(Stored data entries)
(* For a definable set $X\subseteq Z^m\times R^n$ the following are equivalent: (1) $X$ is $Z$-internal; (2) the projection of $X$ on the $R$-coordinates (i.e. onto $R^n$) is finite; (3) there is a definable bijection from $X$ to a definable subset of $Z^{m+1}$.
   Context: Let $\mathfrak C$ be a monster model, $Z,R$ definable subsets of $\mathfrak C$ which are stably embedded (subsets of $Z^n$, resp. $R^n$, definable with parameters from $\mathfrak C$ are definable with parameters from $Z$, resp. $R$) and fully orthogonal (for all $m,n$, every definable subset of $Z^m\times R^n$ is a finite union of sets $U\times V$ with $U\subseteq Z^m$, $V\subseteq R^n$ definable). ''Definable'' means definable in $(Z,R)^{eq}$ (the two-sorted structure $(Z,R)$ with no connection between the sorts, expanded by imaginary sorts) with parameters from the monster model. A definable set $X$ is $Z$-internal if there is a definable surjection from $Z^k$ onto $X$ for some $k$. *)

From mathcomp Require Import all_boot.
Set Implicit Arguments. Unset Strict Implicit. Unset Printing Implicit Defensive.

Definition tcat (M : Type) (a b : nat) (x : 'I_a -> M) (y : 'I_b -> M)
  : 'I_(a + b) -> M :=
  fun i => match split i with inl j => x j | inr j => y j end.
Definition tleft (M : Type) (a b : nat) (x : 'I_(a + b) -> M) : 'I_a -> M :=
  fun i => x (lshift b i).
Definition tright (M : Type) (a b : nat) (x : 'I_(a + b) -> M) : 'I_b -> M :=
  fun j => x (rshift a j).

About this exercise: Repeat exactly, and only, the lines of the records above, starting with the line that contains "fun i => match" and ending with the final line, both included.

Output:
  fun i => match split i with inl j => x j | inr j => y j end.
Definition tleft (M : Type) (a b : nat) (x : 'I_(a + b) -> M) : 'I_a -> M :=
  fun i => x (lshift b i).
Definition tright (M : Type) (a b : nat) (x : 'I_(a + b) -> M) : 'I_b -> M :=
  fun j => x (rshift a j).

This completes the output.